This was not quite so easy, for Hermy and Ursy had projected a round of visits after dinner to every member of the classes with the exception of Lucia, who should wake up next morning to find herself the only illusioned person in the place.

"She wouldn't like that, you know," said Hermy with brisk malice. "We thought it would serve her out for never asking us to her house again after her foolish old garden-party."

"My dear, you never wanted to go," said Georgie.

"I know we didn't, but we rather wanted to tell her we didn't want to go. She wasn't nice. Oh, I don't think we can give up telling everybody. It has made such sillies of you all. I think he's a real sport."

"So do I," said Ursy. "We shall soon have him back at his curry-oven again. What a laugh we shall have with him."

They subsided for just as long as it took Foljambe to come out of the house, inform them that it was a quarter of an hour to dinner-time, and return again. They all rose obediently.

"Well, we'll talk about it at dinner-time," said Georgie diplomatically. "And I'll just go down to the cellar first to see if I can find something you like."

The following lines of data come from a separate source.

Lemma card_inside_grow (Z : {set E}) (y z : E) (d : D) :
  z \in Z -> y \notin Z -> z \in F d -> y \in F d -> #|inside Z| < #|inside (y |: Z)|.
Proof.
move=> zZ yZ zF yF.
have d_out : d \notin inside Z.
  by rewrite inE negb_and orbC; apply/orP; left; apply/subsetPn; exists y.
have sub : d |: inside Z \subset inside (y |: Z).
  apply/subsetP => d'; rewrite !inE => /orP[/eqP-> | /andP[-> sZ]].
  - apply/andP; split; first by apply/set0Pn; exists z.
    apply/subsetP => w wF; rewrite !inE.
    case/or3P: (card_le2_three (F_le2 d) wF zF yF) => /eqP e.
    + by rewrite e zZ orbT.
    + by rewrite e eqxx.
    + by move: yZ; rewrite -e zZ.
  - by apply: subset_trans sZ (subsetUr _ _).
by have := subset_leq_card sub; rewrite cardsU1 d_out.
Qed.

Variable q : nat.
Hypothesis small_sets_touch : forall Z : {set E}, #|Z| <= q -> #|Z| <= #|touching Z|.

Lemma exists_block (Y : {set E}) : Y != set0 ->
  exists2 Z : {set E}, (Z \subset Y) && (Z != set0) &
    q * #|Z| <= q.+1 * #|touching Z :\: touching (Y :\: Z)|.
Proof.
case/set0Pn=> y0 y0Y.
(* Take Z maximal among the subsets of Y of size at most q + 1 that contain at
   least |Z| - 1 of the sets F d; when |Z| <= q, maximality forbids any F d to
   meet both Z and Y :\: Z. *)
pose P (Z : {set E}) := [&& Z \subset Y, Z != set0, #|Z| <= q.+1 & #|Z| <= #|inside Z|.+1].
have P0 : P [set y0].
  by rewrite /P sub1set y0Y cards1 -card_gt0 cards1.
case: (arg_maxnP (fun Z : {set E} => #|Z|) P0) => Z /and4P[sZY nZ leZq1 leZin] maxZ.
exists Z; first by rewrite sZY nZ.
have := subset_leq_card (inside_sub_touching_only Y Z).
case: (leqP #|Z| q) => [leZq _ | ltqZ le_in]; last by nia.
have no_cross d : d \in touching Z -> d \notin touching (Y :\: Z).
  rewrite !inE => /set0Pn[z /setIP[zF zZ]]; apply/negP => /set0Pn[y /setIP[yF]].
  case/setDP=> yY yZ.
  have: P (y |: Z).
    rewrite /P subUset sub1set yY sZY cardsU1 yZ /= !ltnS leZq.
    apply/and3P; split=> //; first by apply/set0Pn; exists y; rewrite setU11.
    exact: leq_trans leZin (card_inside_grow zZ yZ zF yF).
  by move/maxZ; rewrite cardsU1 yZ; lia.
have sub : touching Z \subset touching Z :\: touching (Y :\: Z).
  by apply/subsetP => d dZ; rewrite inE dZ no_cross.
have := small_sets_touch leZq; have := subset_leq_card sub; nia.
Qed.

Lemma touching_lower_bound (Y : {set E}) : q * #|Y| <= q.+1 * #|touching Y|.
Proof.
have [m] := ubnP #|Y|; elim: m Y => // m IH Y ltYm.
have [->|nY] := eqVneq Y set0; first by rewrite cards0 muln0.
have [Z /andP[sZY nZ] leZ] := exists_block nY.
have cardY : #|Y| = #|Z| + #|Y :\: Z|.
  by rewrite -(cardsID Z Y) (setIidPr sZY).
have := card_gt0 Z; rewrite nZ => Z_gt0.
have := IH (Y :\: Z) ltac:(lia); rewrite -(card_touching_split sZY) cardY; nia.
Qed.

End TwoPointSets.
End Touching.

Section BoxRepresentation.

Variables (T : finType) (e : rel T) (b : nat) (l u : T -> nat -> R).
Hypothesis l_le_u : forall x i, (i < b)%N -> Rle (l x i) (u x i).
Hypothesis adj_iff_meet : forall x y, x <> y ->
  (e x y <-> exists p : nat -> R, forall i, (i < b)%N ->
     Rle (l x i) (p i) /\ Rle (p i) (u x i) /\ Rle (l y i) (p i) /\ Rle (p i) (u y i)).

Lemma box_adj_le (v w : T) (i : nat) : v <> w -> e v w -> (i < b)%N -> Rle (l v i) (u w i).
Proof.
move=> vw /(adj_iff_meet vw)[p meet] ib.
by have := meet i ib; lra.
Qed.

Lemma box_nonadj_sep (v w : T) : v <> w -> ~~ e v w ->
  exists i : 'I_b, Rlt (u v i) (l w i) \/ Rlt (u w i) (l v i).
Proof.
move=> vw nvw.
case: (boolP [exists i : 'I_b, Rlt_dec (u v i) (l w i) || Rlt_dec (u w i) (l v i)]).
  by case/existsP=> i /orP[] /sumboolP; exists i; [left | right].
rewrite negb_exists => /forallP apart; case/negP: nvw; apply/(adj_iff_meet vw).
exists (fun i => Rmax (l v i) (l w i)) => i ib.
have /= := apart (Ordinal ib); rewrite negb_or => /andP[/sumboolP vw_i /sumboolP wv_i].
move: (l_le_u v ib) (l_le_u w ib).
by rewrite /Rmax; case: Rle_dec => *; repeat split; lra.
Qed.

End BoxRepresentation.

Definition pendant (n q : nat) :=
  {p : 'I_n * {set 'I_n} | (p.1 \in p.2) && (#|p.2| <= q)}.

Definition gadget_vertex (n q : nat) := ('I_n + pendant n q)%type.

Definition gadget (n q : nat) : rel (gadget_vertex n q) := fun v w =>
  match v, w with
  | inl a, inl a' => a != a'
  | inl a, inr p | inr p, inl a => a != (val p).1
  | inr p, inr p' => ((val p).2 == (val p').2) && (p != p')
  end.
Arguments gadget : clear implicits.

Lemma gadget_simple (n q : nat) : simple_graph (gadget n q).
Proof.
split; last by move=> [a|p] /=; rewrite !eqxx.
by move=> [a|p] [a'|p'] /=; rewrite eq_sym // [p' == p]eq_sym.
Qed.

Definition star (I : finType) : rel (option I) := fun a b => isSome a != isSome b.
Arguments star : clear implicits.

Lemma star_connect (I : finType) (P : pred (option I)) (i j : option I) :
  P None -> P i -> P j -> connect [rel a b | [&& star I a b, P a & P b]] i j.
Proof.
move=> P0 Pi Pj; apply: (@connect_trans _ _ None).
- by case: i Pi => [i|] Pi; [apply: connect1; rewrite /= Pi P0 | apply: connect0].
- by case: j Pj => [j|] Pj; [apply: connect1; rewrite /= Pj P0 | apply: connect0].
Qed.

Lemma star_tree (I : finType) : is_tree (star I).
Proof.
split.
- by move=> a b; rewrite /star eq_sym.
- by move=> a; rewrite /star eqxx.
- move=> i j; rewrite (@eq_connect _ _ [rel a b | [&& star I a b, predT a & predT b]]).
    exact: star_connect.
  by move=> a b /=; rewrite !andbT.
- move=> [|x1 [|x2 [|x3 c]]] // uniq_c _; rewrite /cycle rcons_path /=.
  case: x1 x2 x3 uniq_c => [?|] [?|] [?|] //= uniq_c.
  by case: c uniq_c => [|[?|] c] //=; rewrite andbF.
Qed.

Definition gadget_bag (n q : nat) (i : option {set 'I_n}) : {set gadget_vertex n q} :=
  [set inl a | a : 'I_n] :|:
  if i is Some Z then [set inr p | p : pendant n q & (val p).2 == Z] else set0.
Arguments gadget_bag : clear implicits.

Lemma inl_in_gadget_bag (n q : nat) (a : 'I_n) (i : option {set 'I_n}) : inl a \in gadget_bag n q i.
Proof. by rewrite in_setU imset_f ?inE. Qed.

Lemma inr_in_gadget_bag (n q : nat) (p : pendant n q) (i : option {set 'I_n}) :
  (inr p \in gadget_bag n q i) = (i == Some (val p).2).
Proof.
rewrite in_setU; case: imsetP => [[a _ //]|_] /=.
case: i => [Z|]; last by rewrite inE.
apply/imsetP/eqP => [[p' p'Z [->]]|[->]]; first by move: p'Z; rewrite inE => /eqP->.
by exists p; rewrite ?inE.
Qed.

Lemma card_gadget_bag (n q : nat) (i : option {set 'I_n}) : #|gadget_bag n q i| <= n + q.
Proof.
rewrite cardsU; apply: leq_trans (leq_subr _ _) _; apply: leq_add.
  by apply: leq_trans (leq_imset_card _ _) _; rewrite card_ord.
case: i => [Z|]; last by rewrite cards0.
rewrite card_imset; last by move=> p p' [].
have [-> | [p0]] := set_0Vmem [set p : pendant n q | (val p).2 == Z]; first by rewrite cards0.
rewrite inE => /eqP p0Z; apply: (@leq_trans #|Z|).
  rewrite -(@card_in_imset _ _ (fun p : pendant n q => (val p).1)).
    apply/subset_leq_card/subsetP => _ /imsetP[p + ->]; rewrite inE => /eqP <-.
    by case/andP: (valP p).
  move=> [[x Z1] ?] [[y Z2] ?]; rewrite !inE /= => /eqP Z1E /eqP Z2E xy.
  by apply: val_inj; rewrite /= xy Z1E Z2E.
by rewrite -p0Z; case/andP: (valP p0).
Qed.

Lemma gadget_treewidth (n q k : nat) : n + q = k.+1 -> treewidth_le (gadget n q) k.
Proof.
move=> nqk; exists (option {set 'I_n}), (star _), (gadget_bag n q).
split; last by move=> i; rewrite -nqk card_gadget_bag.
split; first exact: star_tree.
- case=> [a|p]; first by exists None; rewrite inl_in_gadget_bag.
  by exists (Some (val p).2); rewrite inr_in_gadget_bag.
- case=> [a|p] [a'|p'] /= adj.
  + by exists None; rewrite !inl_in_gadget_bag.
  + by exists (Some (val p').2); rewrite inl_in_gadget_bag inr_in_gadget_bag eqxx.
  + by exists (Some (val p).2); rewrite inl_in_gadget_bag inr_in_gadget_bag eqxx.
  + case/andP: adj => /eqP pp' _; exists (Some (val p).2).
    by rewrite !inr_in_gadget_bag pp' eqxx.
- case=> [a|p] i j.
  + by move=> ai aj; apply: star_connect; rewrite ?inl_in_gadget_bag.
  + by rewrite !inr_in_gadget_bag => /eqP-> /eqP->; apply: connect0.
Qed.

Section GadgetBoxicity.

Variables (n q b : nat) (l u : gadget_vertex n q -> nat -> R).
Hypothesis l_le_u : forall x i, (i < b)%N -> Rle (l x i) (u x i).
Hypothesis adj_iff_meet : forall x y, x <> y ->
  (gadget n q x y <-> exists p : nat -> R, forall i, (i < b)%N ->
     Rle (l x i) (p i) /\ Rle (p i) (u x i) /\ Rle (l y i) (p i) /\ Rle (p i) (u y i)).

Lemma gadget_adj_le (v w : gadget_vertex n q) (i : nat) :
  gadget n q v w -> (i < b)%N -> Rle (l v i) (u w i).
Proof.
move=> vw ib; apply: (box_adj_le adj_iff_meet) (vw) ib => v_w.
by move: vw; rewrite v_w (proj2 (gadget_simple n q)).
Qed.

Definition right_of (d : nat) (p : pendant n q) : bool :=
  Rlt_dec (u (inl (val p).1) d) (l (inr p) d).
Definition left_of (d : nat) (p : pendant n q) : bool :=
  Rlt_dec (u (inr p) d) (l (inl (val p).1) d).

Definition separated_points (d : nat) : {set 'I_n} :=
  [set (val p).1 | p : pendant n q & right_of d p] :|:
  [set (val p).1 | p : pendant n q & left_of d p].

"Good old Georgie," said Hermy. "But if you're going to bribe us, you must bribe us well."

"We'll see," said he.

Georgie was quite right to be careful over his Veuve Clicquot, especially since it was a bottle of that admirable beverage that Hermy and Ursy had looted from his cellar on the night of their burglarious entry. He remembered that well, though he had-chiefly from the desire to keep things pleasant about his hair-joined in "the fun," and had even produced another half-bottle. But tonight, even more than then, there was need for the abolition of all petty economies, for the situation would be absolutely intolerable if Hermy and Ursy spread about Riseholme the fact that the introducers and innermost circle of Yoga philosophers had sat at the feet of no Gamaliel at all, but at those of a curry-cook from some low restaurant. Indeed he brought up a second bottle tonight with a view if Hermy and Ursy were not softened by the first to administer that also. They would then hardly be in a condition to be taken seriously if they still insisted on making a house-to-house visit in Riseholme, and tearing the veil from off the features of the Guru. Georgie was far too upright of purpose to dream of making his sisters drunk, but he was willing to make great sacrifices in order to render them kind. What the inner circle would do about this cook he had no idea; he must talk to Lucia about it, before the advanced class tomorrow morning. But anything was better than letting Hermy and Ursy loose in Riseholme with their rude laughs and discreditable exposures. This evening safely over, he could discuss with Lucia what was to be done, for Hermy and Ursy would have vanished at cock-crow as they were going in for some golf-competition at a safe distance. Lucia might recommend doing nothing at all, and wish to continue enlightening studies as if nothing had happened. But Georgie felt that the romance would have evaporated from the classes as regards himself. Or again they might have to get rid of the Guru somehow. He only felt quite sure that Lucia would agree with him that Daisy Quantock must not be told. She with her thwarted ambitions of being the prime dispenser of Guruism to Riseholme might easily "turn nasty" and let it be widely known that she and Robert had seen through that fraud long ago, and had considered whether they should not offer the Guru the situation of cook in their household, for which he was so much better qualified. She might even add that his leanings towards her pretty housemaid had alone dissuaded her.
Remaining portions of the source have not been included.